先ほど、僕は出来る先生を持つべきだと言いました。ここまでの話では、その先生に頼ることが無いように見えますが、圧倒的な技術を持つ人がバックに構えてくれることは本当に心強いことです。間違ってはいけません。最高の先生は、何でも聞ける先生ではありません。自分の技術力を少し前進するための手助けをしてくれる先生です。これは持論ですが、なんでも教えてもらえると思い込むことと環境はとても危険なことだと思います。いち早く、答えを見つける嗅覚を得るためには、教えてもらうという姿勢ではなく、何としてでもプログラミングを上達させるぞという気持ちが上達を左右すると思います。ぐぐって、ぐぐって、ぐぐって、小さい機能なのに何時間も悩んだ末、先生に聞くことを強くオススメします。その悩んだ時間は本当に貴重な時間です。きっと、答えの見つけ方が身に付いてくると思います。

 

僕の例を示します。

僕は大学一年の終わりまで、プログラミングの「ぷ」の字もわからない状態でした。中学生などからパソコンが好きというわけではなく、一般のコンピュータリテラシーしかありませんでした。大学一年生の終わりに知人にアプリを創ってみないかという誘いを受け、興味本位で本を買いました。それが今のアルバイト先の社長の著書でした。

 

改訂新版 基礎Ruby on Rails (IMPRESS KISO SERIES)

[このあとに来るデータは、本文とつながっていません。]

Lemma Pre1_absorb v s : (s \in T) || inW2 s -> Pre1 v s = v s.
Proof.
move=> Hs; have U1 := unif1_selector; have U2 := unif2_selector.
have Pre_s xi1 xi2 : is_selector G1 xi1 -> is_selector G2 xi2 -> Pre xi1 xi2 v s = v s.
  by move=> H1 H2; rewrite Pre_step_exp step_exp_absorb.
have Pre1_sel_s xi1 : is_selector G1 xi1 -> Pre1_sel xi1 v s = v s.
  move=> H1; apply/eqP; rewrite eq_le; apply/andP; split.
    by rewrite -(Pre_s _ _ H1 U2); apply: ge_inf_image U2 => xi2 H2; rewrite Pre_s.
  by apply: lb_le_inf_image => [|xi2 H2]; [exists (uniform_sel R G2) | rewrite Pre_s].
apply/eqP; rewrite eq_le; apply/andP; split.
  by apply: ge_sup_image => [|xi1 H1]; [exists (uniform_sel R G1) | rewrite Pre1_sel_s].
rewrite -{1}(Pre1_sel_s _ U1).
by apply: le_sup_image U1 => xi1 H1; rewrite Pre1_sel_s.
Qed.

Lemma vsel_le_Pre1_sel g s : is_selector G1 g -> vsel g s <= Pre1_sel g (vsel g) s.
Proof.
move=> Hg; apply: lb_le_inf_image => [|xi2 Hxi]; first by exists (uniform_sel R G2).
have [sT|sT] := boolP (s \in T); last exact: vsel_le_Pre.
by rewrite Pre_step_exp step_exp_absorb ?sT.
Qed.

Lemma vsel_le_Pre1 g s : is_selector G1 g -> vsel g s <= Pre1 (vsel g) s.
Proof.
move=> Hg; apply: le_trans (vsel_le_Pre1_sel s Hg) (Pre1_sel_le_Pre1 s Hg _) => t.
exact: vsel_ge0_le1.
Qed.

Definition undecided s := (s \notin T) && ~~ inW2 s.

Fixpoint stop_exp (p1 p2 : strategy R S M) (c : R) (f : seq S -> R) (n : nat) (s0 : S)
    (h : seq S) {struct n} : R :=
  if last s0 h \in T then c else
  if n is n'.+1 then
    step_exp (last s0 h) (p1 s0 h) (p2 s0 h) (fun t => stop_exp p1 p2 c f n' s0 (rcons h t))
  else f h.

Section StopExp.
Variables (p1 p2 : strategy R S M) (s0 : S).
Hypotheses (H1 : is_strategy G1 p1) (H2 : is_strategy G2 p2).
Local Notation E := (stop_exp p1 p2).

Lemma stop_expS c f n h : E c f n.+1 s0 h = if last s0 h \in T then c else
  step_exp (last s0 h) (p1 s0 h) (p2 s0 h) (fun t => E c f n s0 (rcons h t)).
Proof. by []. Qed.

Lemma stop_exp_T c f n h : last s0 h \in T -> E c f n s0 h = c.
Proof. by case: n => [|n] /= ->. Qed.

Lemma stop_exp_reachn n h : E 1 (fun _ => 0) n s0 h = reachn p1 p2 n s0 h.
Proof.
elim: n h => [|n IH] h //; rewrite stop_expS reachnS; case: ifP => // _.
by congr step_exp; apply: boolp.funext => t; apply: IH.
Qed.

Lemma stop_exp_split f n h : E 1 f n s0 h = E 1 (fun _ => 0) n s0 h + E 0 f n s0 h.
Proof.
elim: n h => [|n IH] h; first by rewrite /=; case: ifP; rewrite ?addr0 ?add0r.
rewrite !stop_expS; case: ifP => _; first by rewrite addr0.
by rewrite step_exp_add; congr step_exp; apply: boolp.funext => t; apply: IH.
Qed.

Lemma stop_exp_le c f g n h : (forall h', last s0 h' \notin T -> f h' <= g h') ->
  E c f n s0 h <= E c g n s0 h.
Proof.
move=> fg; elim: n h => [|n IH] h; first by rewrite /=; case: ifP => // /negbT; apply: fg.
by rewrite !stop_expS; case: ifP => // _; apply: step_exp_le.
Qed.

Lemma stop_exp_ge0_le1 c f n h : 0 <= c <= 1 -> (forall h, 0 <= f h <= 1) ->
  0 <= E c f n s0 h <= 1.
Proof.
move=> c01 f01; elim: n h => [|n IH] h; first by rewrite /=; case: ifP.
rewrite stop_expS; case: ifP => // _.
by rewrite step_exp_ge0 ?step_exp_le1 // => t; case/andP: (IH (rcons h t)).
Qed.

Lemma stop_exp_addn f n m h : E 0 f (n + m) s0 h = E 0 (fun h' => E 0 f m s0 h') n s0 h.
Proof.
elim: n h => [|n IH] h; first by rewrite add0n /=; case: ifP => // hT; case: m => /=; rewrite hT.
rewrite addSn !stop_expS; case: ifP => // _.
by congr step_exp; apply: boolp.funext => t; apply: IH.
Qed.

Lemma stop_expZ k f n h : E 0 (fun h => k * f h) n s0 h = k * E 0 f n s0 h.
Proof.
elim: n h => [|n IH] h; first by rewrite /=; case: ifP; rewrite ?mulr0.
rewrite !stop_expS; case: ifP => _; first by rewrite mulr0.
have lin := step_exp_lin (last s0 h) (p1 s0 h) (p2 s0 h)
  (fun t => E 0 f n s0 (rcons h t)) (fun _ => 0) k 0.
rewrite !mul0r addr0 in lin; rewrite -lin.
by congr step_exp; apply: boolp.funext => t; rewrite IH addr0.
Qed.

Lemma stop_exp_W2 f n h : inW2 (last s0 h) ->
  (forall h', inW2 (last s0 h') -> f h' = 0) -> E 0 f n s0 h = 0.
Proof.
move=> hW f0; elim: n h hW => [|n IH] h hW; first by rewrite /=; case: ifP => // _; apply: f0.
rewrite stop_expS; case: ifP => // _.
by rewrite step_exp_absorb ?hW ?orbT //; apply: IH; rewrite last_rcons.
Qed.

End StopExp.

Section Subsolution.
Variables (g : selector R S M) (v : S -> R) (p2 : strategy R S M) (s0 : S).
Hypotheses (Hg : is_selector G1 g) (H2 : is_strategy G2 p2) (v01 : forall t, 0 <= v t <= 1).
Local Notation E := (stop_exp (memoryless g) p2 1 (fun h => v (last s0 h))).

改訂新版 基礎Ruby on Rails (IMPRESS KISO SERIES)

 

 本の通りに進んでいったのですが、割と初めの方でエラーが起き、それ以上進めなくなってしまいました。高いお金を支払ったにも関わらず、すぐエラーで進めなくなったことに憤りを感じた僕は著者にその旨のメールを送りつけました。今でも本当に感謝しているのですが、突然のメールにも関わらず、懇切丁寧に返事をしてくれたので、調子にのって度々メールを送っていました。その時期、会社も人手を求めていたのか、ひょんなことから声がかかり、今の職を得て、2年間ほどアルバイトとして働かせてもらいました。

僕にとって、メールを送りつけたことが、プログラミングの世界に足をつっこむ"一歩"だったと思います。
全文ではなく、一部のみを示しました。